Average Americans are not as cynical. According to a Rasmussen poll conducted less than a week after the 2009 tax day protests, more than half of Americans viewed the protests favorably. And a September 2009 Kaiser/Harvard/NPR survey found that 61% of those polled believed the ObamaCare protesters at the town hall meetings were mainly individual citizens coming together to express their views. Only 28% bought the idea they were mainly coordinated by health-care interest groups.
But the sad fact is that organized union thugs and crime-spree oriented Demo-rats have gerrymandered the districts to a degree that even taking the House of Representatives back from the Red Queen of Botox will be difficult and with a certifiable porn-queen wannabe up for re-election as Senator for the sick state of mind of Californication, the Senate is also presumably out of reach. What will happen if the sick-o socialists win another round? Brooks spells it out clearly:
While the "astroturf" claims were laughable, the politicians peddling them may yet have the last laugh. For their policies—just as the tea partiers fear—promise to quietly turn today's principled protesters into the "me-first" rioters in Greece.
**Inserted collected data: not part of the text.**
(* Let $H=(H,\Delta,\epsilon,\phi,S,\alpha,\beta)$ be a quasi-Hopf algebra over a field $k$ (not necessarily finite-dimensional), and let $\nu\colon H\to Q$ be a surjective morphism of quasibialgebras onto a finite-dimensional quasibialgebra $Q$. Then $S(\ker\nu)\subseteq\ker\nu$. Consequently $S$ induces an anti-algebra endomorphism $\overline S$ of $Q$ with $\overline S\circ\nu=\nu\circ S$, the triple $(\overline S,\nu(\alpha),\nu(\beta))$ is a quasi-antipode for $Q$, and $\nu$ is a morphism of quasi-Hopf algebras; i.e. $Q$ is a quotient quasi-Hopf algebra of $H$.
   Context: A quasibialgebra $(H,\Delta,\epsilon,\phi)$ over a field $k$ consists of an algebra $H$, algebra maps $\Delta\colon H\to H\otimes H$, $h\mapsto h_{(1)}\otimes h_{(2)}$, and $\epsilon\colon H\to k$, and an invertible $\phi=\phi^{(1)}\otimes\phi^{(2)}\otimes\phi^{(3)}\in H^{\otimes 3}$ (with $\phi^{-1}=\phi^{(-1)}\otimes\phi^{(-2)}\otimes\phi^{(-3)}$) such that $(\epsilon\otimes H)\Delta(h)=h=(H\otimes\epsilon)\Delta(h)$; $(H\otimes\Delta)\Delta(h)\,\phi=\phi\,(\Delta\otimes H)\Delta(h)$; $(H\otimes H\otimes\Delta)(\phi)(\Delta\otimes H\otimes H)(\phi)=(1\otimes\phi)(H\otimes\Delta\otimes H)(\phi)(\phi\otimes 1)$; and $(H\otimes\epsilon\otimes H)(\phi)=1$. A morphism of quasibialgebras $f\colon(H,\phi)\to(L,\psi)$ is an algebra map with $\Delta f=(f\otimes f)\Delta$, $\epsilon f=\epsilon$, $(f\otimes f\otimes f)(\phi)=\psi$. A quasi-antipode is a triple $(S,\alpha,\beta)$ with $\alpha,\beta\in H$ and $S$ an anti-algebra endomorphism of $H$ (not required to be bijective) such that for all $h\in H$: $S(h_{(1)})\alpha h_{(2)}=\epsilon(h)\alpha$, $h_{(1)}\beta S(h_{(2)})=\epsilon(h)\beta$, $\phi^{(1)}\beta S(\phi^{(2)})\alpha\phi^{(3)}=1$, $S(\phi^{(-1)})\alpha\phi^{(-2)}\beta S(\phi^{(-3)})=1$. A quasi-Hopf algebra is a quasibialgebra with a quasi-antipode; a morphism of quasi-Hopf algebras is a quasibialgebra morphism $f$ with $S'f=fS$, $f(\alpha)=\alpha'$, $f(\beta)=\beta'$. *)

From HB Require Import structures.
From mathcomp Require Import all_boot all_algebra.
From mathcomp Require Import falgebra.
Set Implicit Arguments.
Unset Strict Implicit.
Unset Printing Implicit Defensive.
Import GRing.Theory.
Local Open Scope ring_scope.

(* Algebras over a field k are [algType k] (possibly
   infinite-dimensional); a finite-dimensional algebra is an [falgType k]. *)

Section Tensors.
Variable k : fieldType.

Definition klinear (U W : lmodType k) (f : U -> W) : Prop :=
  forall (a : k) (x y : U), f (a *: x + y) = a *: f x + f y.

Variable A : algType k.

Definition multilin2 (W : lmodType k) (m : A -> A -> W) : Prop :=
  (forall y, klinear (fun x => m x y)) /\ (forall x, klinear (fun y => m x y)).
Definition multilin3 (W : lmodType k) (m : A -> A -> A -> W) : Prop :=
  [/\ forall y z, klinear (fun x => m x y z),
      forall x z, klinear (fun y => m x y z) &
      forall x y, klinear (fun z => m x y z)].
Definition multilin4 (W : lmodType k) (m : A -> A -> A -> A -> W) : Prop :=
  [/\ forall y z w, klinear (fun x => m x y z w),
      forall x z w, klinear (fun y => m x y z w),
      forall x y w, klinear (fun z => m x y z w) &
      forall x y z, klinear (fun w => m x y z w)].

(* Elements of A^{(x)n} are represented by finite sums of elementary tensors
   (lists of n-tuples); [teqn t u] is equality in the algebraic tensor product
   A (x)_k ... (x)_k A, expressed via its universal property: t and u agree
   under every k-multilinear map to every k-vector space. *)
Definition tensor2 := seq (A * A).
Definition tensor3 := seq (A * A * A).
Definition tensor4 := seq (A * A * A * A).

Definition teq2 (t u : tensor2) : Prop :=
  forall (W : lmodType k) (m : A -> A -> W), multilin2 m ->
    \sum_(x <- t) m x.1 x.2 = \sum_(x <- u) m x.1 x.2.
Definition teq3 (t u : tensor3) : Prop :=
  forall (W : lmodType k) (m : A -> A -> A -> W), multilin3 m ->
    \sum_(x <- t) m x.1.1 x.1.2 x.2 = \sum_(x <- u) m x.1.1 x.1.2 x.2.
Definition teq4 (t u : tensor4) : Prop :=
  forall (W : lmodType k) (m : A -> A -> A -> A -> W), multilin4 m ->
    \sum_(x <- t) m x.1.1.1 x.1.1.2 x.1.2 x.2
    = \sum_(x <- u) m x.1.1.1 x.1.1.2 x.1.2 x.2.

Definition tmul2 (t u : tensor2) : tensor2 :=
  [seq (x.1 * y.1, x.2 * y.2) | x <- t, y <- u].
Definition tmul3 (t u : tensor3) : tensor3 :=
  [seq (x.1.1 * y.1.1, x.1.2 * y.1.2, x.2 * y.2) | x <- t, y <- u].
Definition tmul4 (t u : tensor4) : tensor4 :=
  [seq (x.1.1.1 * y.1.1.1, x.1.1.2 * y.1.1.2, x.1.2 * y.1.2, x.2 * y.2)
  | x <- t, y <- u].

Definition tone2 : tensor2 := [:: (1, 1)].
Definition tone3 : tensor3 := [:: (1, 1, 1)].

Definition tscale2 (a : k) (t : tensor2) : tensor2 :=
  [seq (a *: x.1, x.2) | x <- t].
Definition tadd2 (t u : tensor2) : tensor2 := t ++ u.

Variable Delta : A -> tensor2.

Definition id_Delta (t : tensor2) : tensor3 :=
  flatten [seq [seq (x.1, y.1, y.2) | y <- Delta x.2] | x <- t].
Definition Delta_id (t : tensor2) : tensor3 :=
  flatten [seq [seq (y.1, y.2, x.2) | y <- Delta x.1] | x <- t].

Definition idid_Delta (t : tensor3) : tensor4 :=
  flatten [seq [seq (x.1.1, x.1.2, y.1, y.2) | y <- Delta x.2] | x <- t].
Definition Delta_idid (t : tensor3) : tensor4 :=
  flatten [seq [seq (y.1, y.2, x.1.2, x.2) | y <- Delta x.1.1] | x <- t].
Definition id_Delta_id (t : tensor3) : tensor4 :=
  flatten [seq [seq (x.1.1, y.1, y.2, x.2) | y <- Delta x.1.2] | x <- t].

Definition one_tensor3 (t : tensor3) : tensor4 :=
  [seq (1, x.1.1, x.1.2, x.2) | x <- t].
Definition tensor3_one (t : tensor3) : tensor4 :=
  [seq (x.1.1, x.1.2, x.2, 1) | x <- t].

End Tensors.

Section QuasiHopf.
Variable k : fieldType.

Definition is_alg_map (A B : algType k) (f : A -> B) : Prop :=
  [/\ klinear f, forall x y, f (x * y) = f x * f y & f 1 = 1].

Definition is_anti_alg_endo (A : algType k) (S : A -> A) : Prop :=
  [/\ klinear S, forall x y, S (x * y) = S y * S x & S 1 = 1].

Definition is_alg_char (A : algType k) (eps : A -> k) : Prop :=
  [/\ forall (a : k) (x y : A), eps (a *: x + y) = a * eps x + eps y,
      forall x y, eps (x * y) = eps x * eps y & eps 1 = 1].

(* (A, Delta, eps, phi) is a quasibialgebra; phiinv is the inverse of phi
   in A^{(x)3} (so phi is invertible, and phiinv is phi^{-1}). *)
Definition is_quasibialgebra (A : algType k) (Delta : A -> tensor2 A)
    (eps : A -> k) (phi phiinv : tensor3 A) : Prop :=
  (
      (forall (a : k) (x y : A),
          teq2 (Delta (a *: x + y)) (tadd2 (tscale2 a (Delta x)) (Delta y))) /\
      (forall x y, teq2 (Delta (x * y)) (tmul2 (Delta x) (Delta y))) /\
      teq2 (Delta 1) (tone2 A)) /\
  is_alg_char eps /\
  (forall h, \sum_(x <- Delta h) eps x.1 *: x.2 = h /\
             \sum_(x <- Delta h) eps x.2 *: x.1 = h) /\
  (forall h, teq3 (tmul3 (id_Delta Delta (Delta h)) phi)
                  (tmul3 phi (Delta_id Delta (Delta h)))) /\
  teq4 (tmul4 (idid_Delta Delta phi) (Delta_idid Delta phi))
       (tmul4 (tmul4 (one_tensor3 phi) (id_Delta_id Delta phi))
              (tensor3_one phi)) /\
  teq2 [seq (eps x.1.2 *: x.1.1, x.2) | x <- phi] (tone2 A) /\
  (teq3 (tmul3 phi phiinv) (tone3 A) /\ teq3 (tmul3 phiinv phi) (tone3 A)).

Definition is_quasibialg_morphism (A B : algType k)
    (DeltaA : A -> tensor2 A) (epsA : A -> k) (phiA : tensor3 A)
    (DeltaB : B -> tensor2 B) (epsB : B -> k) (phiB : tensor3 B)
    (f : A -> B) : Prop :=
  [/\ is_alg_map f,
      (forall h, teq2 (DeltaB (f h)) [seq (f x.1, f x.2) | x <- DeltaA h]),
      (forall h, epsB (f h) = epsA h) &
      teq3 [seq (f x.1.1, f x.1.2, f x.2) | x <- phiA] phiB].

Definition is_quasi_antipode (A : algType k) (Delta : A -> tensor2 A)
    (eps : A -> k) (phi phiinv : tensor3 A) (S : A -> A) (alpha beta : A)
    : Prop :=
  [/\ is_anti_alg_endo S,
      (forall h, \sum_(x <- Delta h) S x.1 * alpha * x.2 = eps h *: alpha),
      (forall h, \sum_(x <- Delta h) x.1 * beta * S x.2 = eps h *: beta),
      \sum_(x <- phi) x.1.1 * beta * S x.1.2 * alpha * x.2 = 1 &
      \sum_(x <- phiinv) S x.1.1 * alpha * x.1.2 * beta * S x.2 = 1].

Definition is_quasiHopf_morphism (A B : algType k)
    (DeltaA : A -> tensor2 A) (epsA : A -> k) (phiA : tensor3 A)
    (SA : A -> A) (alphaA betaA : A)
    (DeltaB : B -> tensor2 B) (epsB : B -> k) (phiB : tensor3 B)
    (SB : B -> B) (alphaB betaB : B) (f : A -> B) : Prop :=
  [/\ is_quasibialg_morphism DeltaA epsA phiA DeltaB epsB phiB f,
      (forall h, SB (f h) = f (SA h)),
      f alphaA = alphaB & f betaA = betaB].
The increasing size of the federal work force is an early indication of what lies ahead. The Bureau of Labor Statistics reports that in the last year the federal government added 86,000 permanent (non-Census) jobs to the rolls. And high-paying jobs at that: The number of federal salaries over $100,000 per year has increased by nearly 50% since the beginning of the recession.
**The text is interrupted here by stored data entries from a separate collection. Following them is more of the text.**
(* Every element of $PSL(2,\mathbb H(\mathbb Z))$, i.e. every transformation $q\mapsto(aq+b)(cq+d)^{-1}$ induced by an invertible matrix $\begin{pmatrix}a&b\\c&d\end{pmatrix}$ with entries in the Lipschitz integers $\mathbb H(\mathbb Z)$, which satisfies the (BG) conditions belongs to the Lipschitz quaternionic modular group $PSL(2,\mathfrak L)$.
   Context: $\mathbb H(\mathbb Z)=\{a+b\mathbf i+c\mathbf j+d\mathbf k:a,b,c,d\in\mathbb Z\}$ (Lipschitz integers). A quaternionic matrix $A$ satisfies the (BG) conditions if $\bar A^tKA=K$, $K=\begin{pmatrix}0&1\\1&0\end{pmatrix}$, equivalently $\Re(a\bar c)=0$, $\Re(b\bar d)=0$, $\bar bc+\bar da=1$; these are exactly the matrices inducing orientation-preserving isometries of $\mathbf H^1_{\mathbb H}=\{q:\Re q>0\}$. $PSL(2,\mathfrak L)$ is the group generated by $T(q)=q^{-1}$ and the translations $q\mapsto q+\omega$, $\omega\in\{b\mathbf i+c\mathbf j+d\mathbf k:b,c,d\in\mathbb Z\}$. *)

From HB Require Import structures.
From mathcomp Require Import all_boot all_order all_algebra.
Set Implicit Arguments. Unset Strict Implicit. Unset Printing Implicit Defensive.
Import Order.TTheory GRing.Theory Num.Theory.
Local Open Scope ring_scope.

(* q = q0 + q1 i + q2 j + q3 k *)
Record quat (R : Type) := Quat { q0 : R; q1 : R; q2 : R; q3 : R }.

Section QuatOps.
Variable R : ringType.
Definition qadd (x y : quat R) : quat R :=
  Quat (q0 x + q0 y) (q1 x + q1 y) (q2 x + q2 y) (q3 x + q3 y).
(* Hamilton product, i^2 = j^2 = k^2 = ijk = -1 *)
Definition qmul (x y : quat R) : quat R :=
  Quat (q0 x * q0 y - q1 x * q1 y - q2 x * q2 y - q3 x * q3 y)
       (q0 x * q1 y + q1 x * q0 y + q2 x * q3 y - q3 x * q2 y)
       (q0 x * q2 y - q1 x * q3 y + q2 x * q0 y + q3 x * q1 y)
       (q0 x * q3 y + q1 x * q2 y - q2 x * q1 y + q3 x * q0 y).
Definition qconj (x : quat R) : quat R := Quat (q0 x) (- q1 x) (- q2 x) (- q3 x).
Definition qone : quat R := Quat 1 0 0 0.
Definition qnorm2 (x : quat R) : R := q0 x ^+ 2 + q1 x ^+ 2 + q2 x ^+ 2 + q3 x ^+ 2.
Definition qre (x : quat R) : R := q0 x.
End QuatOps.

Definition qinv (F : fieldType) (x : quat F) : quat F :=
  let n := (qnorm2 x)^-1 in
  Quat (q0 x * n) (- q1 x * n) (- q2 x * n) (- q3 x * n).

(* embedding of Lipschitz integers H(Z) = quat int into quaternions over R *)
Definition qofint (R : ringType) (x : quat int) : quat R :=
  Quat (q0 x)%:~R (q1 x)%:~R (q2 x)%:~R (q3 x)%:~R.

Definition BG (a b c d : quat int) : Prop :=
  [/\ qre (qmul a (qconj c)) = 0,
      qre (qmul b (qconj d)) = 0 &
      qadd (qmul (qconj b) c) (qmul (qconj d) a) = qone int].

Definition mobius (R : fieldType) (a b c d : quat int) (q : quat R) : quat R :=
  qmul (qadd (qmul (qofint R a) q) (qofint R b))
       (qinv (qadd (qmul (qofint R c) q) (qofint R d))).

(* generators of PSL(2, L): T(q) = q^{-1} and translations q |-> q + (b i + c j + d k) *)
Inductive gen := GenT | GenTr (b c d : int).

Definition gen_act (R : fieldType) (g : gen) (q : quat R) : quat R :=
  match g with
  | GenT => qinv q
  | GenTr b c d => qadd q (Quat 0 b%:~R c%:~R d%:~R)
  end.

(* composition of a word of generators (the generating set is closed under
   inverses: T^{-1} = T and the inverse of a translation is a translation) *)
Definition word_act (R : fieldType) (w : seq gen) (q : quat R) : quat R :=
  foldr (@gen_act R) q w.

Definition in_PSL2L (R : realFieldType) (f : quat R -> quat R) : Prop :=
  exists w : seq gen, forall q : quat R, 0 < qre q -> f q = word_act w q.

(* Euclid's algorithm for Lipschitz quaternions.  Composing the map of
   [(a, b; c, d)] with the inversion [T] and a translation by a pure Lipschitz
   quaternion [W] gives the map of [(c, d; a + W c, b + W d)], which again
   satisfies (BG).  As (BG) forces [Re (a conj c) = 0], the quaternion
   [a conj c / |c|^2] is purely imaginary, and rounding its three imaginary
   coordinates yields [W] with [|a + W c|^2 <= 3/4 |c|^2].  Iterating, we reach
   [c = 0]; then [conj d * a = 1], so [a] is one of the units [+-1, +-i, +-j, +-k].
   For [a = +-1] the map is a translation, and a purely imaginary unit is
   turned into [-1] by three more steps. *)

From mathcomp Require Import all_boot all_order all_algebra.
From mathcomp Require Import ring zify.
Import Order.TTheory GRing.Theory Num.Theory.
Local Open Scope ring_scope.

Lemma quat_eq (R : Type) (x y : quat R) :
  q0 x = q0 y -> q1 x = q1 y -> q2 x = q2 y -> q3 x = q3 y -> x = y.
Proof. by case: x y => ???? [????] /= -> -> -> ->. Qed.

Ltac quat_ring := apply: quat_eq => /=; ring.

Section QuatAlgebra.
Context {R : comNzRingType}.
Implicit Types x y z : quat R.

Lemma qmulA x y z : qmul x (qmul y z) = qmul (qmul x y) z.
Proof. by case: x y z => ???? [????] [????]; quat_ring. Qed.

Lemma qmul1l x : qmul (qone R) x = x.
Proof. by case: x => ????; quat_ring. Qed.

Lemma qmul1r x : qmul x (qone R) = x.
Proof. by case: x => ????; quat_ring. Qed.

Lemma qmulDl x y z : qmul (qadd x y) z = qadd (qmul x z) (qmul y z).
Proof. by case: x y z => ???? [????] [????]; quat_ring. Qed.

Lemma qadd0l x : qadd (Quat 0 0 0 0) x = x.
Proof. by case: x => ????; quat_ring. Qed.

Lemma qadd0r x : qadd x (Quat 0 0 0 0) = x.
Proof. by case: x => ????; quat_ring. Qed.

Lemma qnorm2M x y : qnorm2 (qmul x y) = qnorm2 x * qnorm2 y.
Proof. by case: x y => ???? [????]; rewrite /qnorm2 /=; ring. Qed.

Lemma qnorm2_1 : qnorm2 (qone R) = 1.
Proof. by rewrite /qnorm2 /=; ring. Qed.

Lemma qnorm2_conj x : qnorm2 (qconj x) = qnorm2 x.
Proof. by case: x => ????; rewrite /qnorm2 /=; ring. Qed.

End QuatAlgebra.

Section QuatNorm.
Context {R : realDomainType}.
Implicit Types x y : quat R.

Lemma qnorm2_ge0 x : 0 <= qnorm2 x.
Proof. by rewrite /qnorm2 !addr_ge0 ?sqr_ge0. Qed.

Lemma qnorm2_eq0 x : qnorm2 x = 0 -> x = Quat 0 0 0 0.
Proof.
case: x => x0 x1 x2 x3 /eqP; rewrite /qnorm2 /=.
rewrite !paddr_eq0 ?addr_ge0 ?sqr_ge0 // !sqrf_eq0.
by case/andP => /andP[/andP[/eqP-> /eqP->] /eqP->] /eqP->.
Qed.

Lemma qnorm2_neq0_qre x y : 0 < qre (qmul (qconj y) x) -> qnorm2 y != 0.
Proof. by apply: contraTneq => /qnorm2_eq0 ->; rewrite /qre /= oppr0 !mul0r !subr0 ltxx. Qed.

End QuatNorm.

Section QuatInverse.
Context {F : fieldType}.
Implicit Types x y : quat F.

Lemma qmulV x : qnorm2 x != 0 -> qmul x (qinv x) = qone F.
Proof.
case: x => x0 x1 x2 x3; rewrite /qinv /qnorm2 /= => nx.
by apply: quat_eq => /=; [rewrite -[RHS](mulfV nx) |..]; ring.
Qed.

Lemma qmulVl x : qnorm2 x != 0 -> qmul (qinv x) x = qone F.
Proof.
case: x => x0 x1 x2 x3; rewrite /qinv /qnorm2 /= => nx.
by apply: quat_eq => /=; [rewrite -[RHS](mulfV nx) |..]; ring.
Qed.

Lemma qinv_eq x y : qmul x y = qone F -> qinv x = y.
Proof.
move=> xy1; have nx : qnorm2 x != 0.
  by apply: contra_eq_neq (qnorm2M x y) => ->; rewrite xy1 qnorm2_1 mul0r oner_neq0.
by rewrite -[qinv x]qmul1r -xy1 qmulA qmulVl // qmul1l.
Qed.

Lemma qinv_mulV x y : qnorm2 x != 0 -> qnorm2 y != 0 ->
  qinv (qmul x (qinv y)) = qmul y (qinv x).
Proof.
by move=> nx ny; apply: qinv_eq; rewrite -qmulA (qmulA (qinv y)) qmulVl // qmul1l qmulV.
Qed.

End QuatInverse.

Section QuatOfInt.
Context {R : comNzRingType}.
Implicit Types x y : quat int.

Lemma qofintD x y : qofint R (qadd x y) = qadd (qofint R x) (qofint R y).
Proof. by apply: quat_eq => /=; ring. Qed.

Lemma qofintM x y : qofint R (qmul x y) = qmul (qofint R x) (qofint R y).
Proof. by apply: quat_eq => /=; ring. Qed.

Lemma qofint_conj x : qofint R (qconj x) = qconj (qofint R x).
Proof. by apply: quat_eq => /=; ring. Qed.

Lemma qofint1 : qofint R (qone int) = qone R.
Proof. by apply: quat_eq. Qed.

Lemma qre_qofint x : qre (qofint R x) = (qre x)%:~R.
Proof. by []. Qed.

End QuatOfInt.

Lemma qinv_qofint {F : fieldType} {x y : quat int} :
  qmul x y = qone int -> qinv (qofint F x) = qofint F y.
Proof. by move=> xy1; apply: qinv_eq; rewrite -qofintM xy1 qofint1. Qed.

Definition bg_cond {R : nzRingType} (a b c d : quat R) : Prop :=
  [/\ qre (qmul a (qconj c)) = 0, qre (qmul b (qconj d)) = 0 &
      qadd (qmul (qconj b) c) (qmul (qconj d) a) = qone R].

Lemma bg_cond_qofint (R : comNzRingType) {a b c d : quat int} : BG a b c d ->
  bg_cond (qofint R a) (qofint R b) (qofint R c) (qofint R d).
Proof.
case=> ac bd bcda; split; rewrite -?qofint_conj -?qofintM ?qre_qofint ?ac ?bd //.
by rewrite -qofintD bcda qofint1.
Qed.

Lemma qre_conj_affine {R : comNzRingType} (A B C D q : quat R) :
  qre (qmul (qconj (qadd (qmul C q) D)) (qadd (qmul A q) B)) =
  qnorm2 q * qre (qmul A (qconj C)) + qre (qmul B (qconj D)) +
  qre (qmul (qadd (qmul (qconj B) C) (qmul (qconj D) A)) q).
Proof. by case: A B C D q => ???? [????] [????] [????] [????]; rewrite /qnorm2 /=; ring. Qed.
Today, the average federal worker earns 77% more than the average private-sector worker, according to a USA Today analysis of data from the federal Office of Personnel Management. To pay for bigger government, the private sector will bear a heavier tax burden far into the future, suppressing the innovation and entrepreneurship that creates growth and real opportunity, not to mention the revenue that pays for everything else in the first place.
If these trends are not reversed, it is hard to see how our culture of free enterprise will not change. More and more Americans, especially younger Americans, will grow accustomed to a system in which the government pays better wages, offers the best job protection, allows the earliest retirement, and guarantees the most lavish pensions. Against such competition, more and more young, would-be entrepreneurs will inevitably choose the safety and comfort of government employment—and do so with all the drive that is generally thought to be "good enough" for that kind of work.
What will happen as our increasing number of state employees confront a shrinking private-sector tax base? Just look to the streets of Athens.
"Get me to the Greek" which opens today with P. Diddy or Puff Daddy or Sean Whomever is probably a prophetic symbol of the systemic degeneracy coming down the pike as America succumbs to the fantasy of the "free lunch."" Then the Eurotards will be joined by Ameritards, and the planet's last best hope will be snuffed out, not with a bang, but a whimper.